(TASK TO CARRY OUT):
The response must consist of the lines below from the one with "(\int[leb2 R]_(x in OmegaS" through the one with "split; first exact: measurable_funS mF.", exactly as they appear and with both ends kept.

[Collected data]
++++++++++++++++++++
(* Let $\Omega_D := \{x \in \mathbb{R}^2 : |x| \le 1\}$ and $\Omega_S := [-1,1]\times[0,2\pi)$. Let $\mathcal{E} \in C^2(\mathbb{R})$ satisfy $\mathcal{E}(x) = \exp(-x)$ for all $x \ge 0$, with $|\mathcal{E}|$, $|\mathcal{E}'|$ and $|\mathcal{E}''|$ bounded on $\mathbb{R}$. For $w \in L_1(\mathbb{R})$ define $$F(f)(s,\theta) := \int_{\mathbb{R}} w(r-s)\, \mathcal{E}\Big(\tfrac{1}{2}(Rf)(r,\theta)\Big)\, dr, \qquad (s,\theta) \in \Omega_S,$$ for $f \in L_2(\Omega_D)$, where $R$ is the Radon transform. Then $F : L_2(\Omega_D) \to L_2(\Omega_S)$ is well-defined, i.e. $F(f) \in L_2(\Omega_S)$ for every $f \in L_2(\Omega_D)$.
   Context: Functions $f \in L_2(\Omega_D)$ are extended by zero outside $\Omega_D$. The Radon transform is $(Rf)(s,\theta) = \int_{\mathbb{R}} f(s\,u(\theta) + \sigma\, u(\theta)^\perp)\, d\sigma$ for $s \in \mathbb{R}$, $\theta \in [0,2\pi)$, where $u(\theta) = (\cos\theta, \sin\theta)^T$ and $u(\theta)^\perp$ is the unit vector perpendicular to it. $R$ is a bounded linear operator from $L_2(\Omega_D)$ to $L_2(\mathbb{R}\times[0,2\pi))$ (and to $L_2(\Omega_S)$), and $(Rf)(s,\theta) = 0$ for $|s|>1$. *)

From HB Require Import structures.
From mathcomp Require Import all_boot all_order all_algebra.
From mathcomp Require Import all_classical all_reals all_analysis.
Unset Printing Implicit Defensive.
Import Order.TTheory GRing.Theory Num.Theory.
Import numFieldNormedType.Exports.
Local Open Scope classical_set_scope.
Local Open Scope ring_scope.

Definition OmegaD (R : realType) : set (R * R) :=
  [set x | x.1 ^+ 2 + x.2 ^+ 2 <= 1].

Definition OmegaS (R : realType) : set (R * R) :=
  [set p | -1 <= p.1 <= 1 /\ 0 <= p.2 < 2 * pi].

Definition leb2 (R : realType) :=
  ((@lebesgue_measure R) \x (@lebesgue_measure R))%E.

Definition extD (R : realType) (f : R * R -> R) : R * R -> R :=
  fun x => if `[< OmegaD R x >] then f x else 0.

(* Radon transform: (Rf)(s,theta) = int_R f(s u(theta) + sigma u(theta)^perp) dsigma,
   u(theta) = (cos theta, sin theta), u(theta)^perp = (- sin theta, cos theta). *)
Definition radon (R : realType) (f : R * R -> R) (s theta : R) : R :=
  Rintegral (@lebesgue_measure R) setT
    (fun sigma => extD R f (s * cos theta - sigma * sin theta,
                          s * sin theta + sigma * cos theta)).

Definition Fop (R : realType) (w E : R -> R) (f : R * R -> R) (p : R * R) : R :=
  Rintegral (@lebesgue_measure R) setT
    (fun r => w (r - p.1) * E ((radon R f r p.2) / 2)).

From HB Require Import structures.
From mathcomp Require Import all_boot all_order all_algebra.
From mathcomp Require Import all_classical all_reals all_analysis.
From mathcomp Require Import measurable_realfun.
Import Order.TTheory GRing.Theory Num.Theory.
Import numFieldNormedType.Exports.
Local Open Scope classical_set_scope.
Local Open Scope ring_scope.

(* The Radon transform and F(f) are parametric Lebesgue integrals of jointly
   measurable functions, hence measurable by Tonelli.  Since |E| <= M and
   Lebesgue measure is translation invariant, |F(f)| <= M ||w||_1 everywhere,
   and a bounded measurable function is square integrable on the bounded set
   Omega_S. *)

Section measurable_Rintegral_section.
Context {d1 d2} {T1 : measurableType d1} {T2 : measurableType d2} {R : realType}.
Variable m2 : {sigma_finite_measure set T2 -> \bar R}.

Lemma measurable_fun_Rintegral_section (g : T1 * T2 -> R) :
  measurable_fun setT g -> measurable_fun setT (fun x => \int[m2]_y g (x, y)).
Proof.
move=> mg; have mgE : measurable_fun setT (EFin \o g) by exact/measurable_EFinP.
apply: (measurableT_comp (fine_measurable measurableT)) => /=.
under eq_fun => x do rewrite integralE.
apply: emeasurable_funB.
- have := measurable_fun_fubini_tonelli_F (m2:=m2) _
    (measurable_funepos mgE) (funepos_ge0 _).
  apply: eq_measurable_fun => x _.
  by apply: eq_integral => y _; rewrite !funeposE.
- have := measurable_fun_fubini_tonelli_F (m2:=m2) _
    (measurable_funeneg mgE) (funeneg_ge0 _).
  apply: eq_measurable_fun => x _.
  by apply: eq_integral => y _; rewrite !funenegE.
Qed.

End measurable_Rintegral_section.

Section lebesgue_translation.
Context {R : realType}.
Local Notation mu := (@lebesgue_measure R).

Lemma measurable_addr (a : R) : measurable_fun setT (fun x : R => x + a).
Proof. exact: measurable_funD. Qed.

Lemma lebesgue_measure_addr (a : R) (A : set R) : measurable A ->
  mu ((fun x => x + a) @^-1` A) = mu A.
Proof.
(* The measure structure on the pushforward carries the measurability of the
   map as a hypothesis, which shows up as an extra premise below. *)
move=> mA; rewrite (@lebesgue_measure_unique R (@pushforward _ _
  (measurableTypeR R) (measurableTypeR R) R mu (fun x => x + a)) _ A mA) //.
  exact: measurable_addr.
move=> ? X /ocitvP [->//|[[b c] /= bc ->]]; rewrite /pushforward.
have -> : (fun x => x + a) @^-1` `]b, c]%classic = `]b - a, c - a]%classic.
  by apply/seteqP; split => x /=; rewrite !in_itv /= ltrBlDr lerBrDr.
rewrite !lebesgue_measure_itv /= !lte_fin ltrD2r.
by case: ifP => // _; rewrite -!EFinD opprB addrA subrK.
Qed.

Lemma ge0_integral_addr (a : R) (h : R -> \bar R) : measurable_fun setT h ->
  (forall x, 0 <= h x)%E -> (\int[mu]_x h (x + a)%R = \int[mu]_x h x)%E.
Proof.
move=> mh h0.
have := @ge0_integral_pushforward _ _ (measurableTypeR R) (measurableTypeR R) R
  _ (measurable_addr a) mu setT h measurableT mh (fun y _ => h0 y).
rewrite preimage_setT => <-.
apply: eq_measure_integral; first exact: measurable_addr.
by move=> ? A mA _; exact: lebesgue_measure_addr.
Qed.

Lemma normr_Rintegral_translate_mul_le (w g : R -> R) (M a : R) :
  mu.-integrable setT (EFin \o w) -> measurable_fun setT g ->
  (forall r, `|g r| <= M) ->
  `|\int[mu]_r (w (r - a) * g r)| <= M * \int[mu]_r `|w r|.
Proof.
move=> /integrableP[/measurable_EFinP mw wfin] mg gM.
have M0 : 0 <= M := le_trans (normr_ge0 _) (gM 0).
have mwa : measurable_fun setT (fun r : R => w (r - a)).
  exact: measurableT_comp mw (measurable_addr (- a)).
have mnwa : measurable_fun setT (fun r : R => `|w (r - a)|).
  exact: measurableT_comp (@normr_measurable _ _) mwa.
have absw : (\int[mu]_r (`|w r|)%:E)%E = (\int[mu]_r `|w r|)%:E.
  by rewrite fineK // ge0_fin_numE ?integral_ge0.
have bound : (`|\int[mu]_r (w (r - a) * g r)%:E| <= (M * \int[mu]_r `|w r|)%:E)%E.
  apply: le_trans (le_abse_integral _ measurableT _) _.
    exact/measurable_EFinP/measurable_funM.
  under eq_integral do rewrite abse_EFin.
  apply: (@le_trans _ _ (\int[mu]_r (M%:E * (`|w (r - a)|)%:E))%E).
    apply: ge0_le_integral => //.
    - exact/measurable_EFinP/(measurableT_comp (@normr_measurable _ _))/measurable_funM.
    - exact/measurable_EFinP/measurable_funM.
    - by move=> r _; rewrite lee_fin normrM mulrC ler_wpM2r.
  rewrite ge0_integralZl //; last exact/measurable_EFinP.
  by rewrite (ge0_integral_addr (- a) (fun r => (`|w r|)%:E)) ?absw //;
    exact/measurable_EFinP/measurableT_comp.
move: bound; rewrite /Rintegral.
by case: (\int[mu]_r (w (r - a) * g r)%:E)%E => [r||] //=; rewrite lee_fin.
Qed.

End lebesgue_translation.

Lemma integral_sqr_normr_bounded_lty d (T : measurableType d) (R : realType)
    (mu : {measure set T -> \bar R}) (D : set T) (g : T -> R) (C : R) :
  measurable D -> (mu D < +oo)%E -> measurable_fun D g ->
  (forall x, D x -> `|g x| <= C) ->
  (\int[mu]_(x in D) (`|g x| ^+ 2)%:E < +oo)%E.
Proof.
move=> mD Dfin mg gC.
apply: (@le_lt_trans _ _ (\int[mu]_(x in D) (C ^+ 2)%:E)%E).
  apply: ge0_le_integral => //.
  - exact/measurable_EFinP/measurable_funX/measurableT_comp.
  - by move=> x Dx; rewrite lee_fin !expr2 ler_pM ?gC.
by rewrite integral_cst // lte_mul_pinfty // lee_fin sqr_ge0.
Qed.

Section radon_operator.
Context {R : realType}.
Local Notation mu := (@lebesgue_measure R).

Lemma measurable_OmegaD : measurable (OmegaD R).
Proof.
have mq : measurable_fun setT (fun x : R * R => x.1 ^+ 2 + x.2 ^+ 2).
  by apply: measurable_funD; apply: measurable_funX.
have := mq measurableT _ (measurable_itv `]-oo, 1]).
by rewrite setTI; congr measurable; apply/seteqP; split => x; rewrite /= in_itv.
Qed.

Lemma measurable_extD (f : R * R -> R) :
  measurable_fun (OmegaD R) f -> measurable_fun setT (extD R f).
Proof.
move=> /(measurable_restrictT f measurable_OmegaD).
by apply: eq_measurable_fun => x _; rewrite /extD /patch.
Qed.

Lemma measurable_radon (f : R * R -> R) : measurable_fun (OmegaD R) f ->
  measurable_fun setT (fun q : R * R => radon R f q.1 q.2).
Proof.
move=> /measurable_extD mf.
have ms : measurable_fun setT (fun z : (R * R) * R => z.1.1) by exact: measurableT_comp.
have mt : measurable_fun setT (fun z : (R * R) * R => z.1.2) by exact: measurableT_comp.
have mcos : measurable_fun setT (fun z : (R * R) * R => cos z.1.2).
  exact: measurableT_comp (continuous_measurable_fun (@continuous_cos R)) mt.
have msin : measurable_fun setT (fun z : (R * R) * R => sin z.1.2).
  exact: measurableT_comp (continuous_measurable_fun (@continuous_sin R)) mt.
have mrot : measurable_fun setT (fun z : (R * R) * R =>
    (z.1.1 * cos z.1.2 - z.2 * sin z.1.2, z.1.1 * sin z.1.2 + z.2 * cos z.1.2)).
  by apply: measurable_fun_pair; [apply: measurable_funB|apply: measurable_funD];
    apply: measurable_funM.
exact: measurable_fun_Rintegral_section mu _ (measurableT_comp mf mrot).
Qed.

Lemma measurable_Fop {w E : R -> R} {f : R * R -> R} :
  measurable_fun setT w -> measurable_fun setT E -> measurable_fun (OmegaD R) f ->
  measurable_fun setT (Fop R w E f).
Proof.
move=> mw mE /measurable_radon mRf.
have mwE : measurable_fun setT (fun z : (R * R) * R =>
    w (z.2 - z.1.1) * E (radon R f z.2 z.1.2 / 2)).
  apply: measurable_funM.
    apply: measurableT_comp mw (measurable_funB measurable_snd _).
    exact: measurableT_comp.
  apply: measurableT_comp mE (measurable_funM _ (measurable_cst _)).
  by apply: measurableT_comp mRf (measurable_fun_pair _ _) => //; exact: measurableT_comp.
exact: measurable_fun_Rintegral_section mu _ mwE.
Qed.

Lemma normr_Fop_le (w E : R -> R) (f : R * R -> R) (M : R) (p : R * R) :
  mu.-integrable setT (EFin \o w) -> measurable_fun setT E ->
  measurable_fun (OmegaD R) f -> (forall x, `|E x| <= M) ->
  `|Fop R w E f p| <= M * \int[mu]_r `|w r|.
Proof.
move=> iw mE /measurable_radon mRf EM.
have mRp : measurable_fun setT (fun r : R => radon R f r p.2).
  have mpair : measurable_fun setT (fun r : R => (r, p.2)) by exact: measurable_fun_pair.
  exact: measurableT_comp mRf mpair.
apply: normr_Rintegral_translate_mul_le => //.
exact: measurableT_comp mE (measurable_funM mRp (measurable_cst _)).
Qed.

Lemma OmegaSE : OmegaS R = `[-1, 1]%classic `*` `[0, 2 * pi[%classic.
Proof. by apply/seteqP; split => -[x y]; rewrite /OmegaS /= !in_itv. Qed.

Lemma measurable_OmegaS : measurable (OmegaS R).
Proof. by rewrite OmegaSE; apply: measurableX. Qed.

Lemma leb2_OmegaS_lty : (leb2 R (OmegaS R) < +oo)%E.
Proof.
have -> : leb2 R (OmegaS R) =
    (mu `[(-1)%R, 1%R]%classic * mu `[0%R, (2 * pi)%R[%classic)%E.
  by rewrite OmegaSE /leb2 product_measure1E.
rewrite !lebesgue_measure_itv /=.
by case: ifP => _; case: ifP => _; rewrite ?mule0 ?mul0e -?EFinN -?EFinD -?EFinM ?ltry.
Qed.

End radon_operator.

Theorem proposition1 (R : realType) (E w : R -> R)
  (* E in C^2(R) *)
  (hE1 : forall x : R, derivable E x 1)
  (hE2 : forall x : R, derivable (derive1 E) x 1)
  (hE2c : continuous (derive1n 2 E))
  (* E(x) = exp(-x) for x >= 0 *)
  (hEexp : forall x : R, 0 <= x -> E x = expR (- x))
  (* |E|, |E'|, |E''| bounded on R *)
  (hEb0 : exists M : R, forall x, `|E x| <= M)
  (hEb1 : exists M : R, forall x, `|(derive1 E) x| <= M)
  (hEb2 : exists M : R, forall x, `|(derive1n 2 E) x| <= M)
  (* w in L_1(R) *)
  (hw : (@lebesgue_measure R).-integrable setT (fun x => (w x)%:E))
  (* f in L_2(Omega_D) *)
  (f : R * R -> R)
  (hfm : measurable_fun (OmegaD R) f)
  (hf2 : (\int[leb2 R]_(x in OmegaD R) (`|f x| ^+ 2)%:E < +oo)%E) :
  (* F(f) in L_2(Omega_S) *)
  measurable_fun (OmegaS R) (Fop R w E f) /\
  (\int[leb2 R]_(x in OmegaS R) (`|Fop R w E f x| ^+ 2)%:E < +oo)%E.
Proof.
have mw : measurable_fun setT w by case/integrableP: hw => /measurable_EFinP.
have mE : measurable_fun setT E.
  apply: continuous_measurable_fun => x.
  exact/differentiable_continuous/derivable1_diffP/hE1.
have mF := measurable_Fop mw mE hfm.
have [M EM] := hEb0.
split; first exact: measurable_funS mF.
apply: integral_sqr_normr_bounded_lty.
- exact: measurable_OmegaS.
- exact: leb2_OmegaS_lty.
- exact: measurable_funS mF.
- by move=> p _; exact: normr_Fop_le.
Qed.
++++++++++++++++++++
(RESPONSE BOX):
  (\int[leb2 R]_(x in OmegaS R) (`|Fop R w E f x| ^+ 2)%:E < +oo)%E.
Proof.
have mw : measurable_fun setT w by case/integrableP: hw => /measurable_EFinP.
have mE : measurable_fun setT E.
  apply: continuous_measurable_fun => x.
  exact/differentiable_continuous/derivable1_diffP/hE1.
have mF := measurable_Fop mw mE hfm.
have [M EM] := hEb0.
split; first exact: measurable_funS mF.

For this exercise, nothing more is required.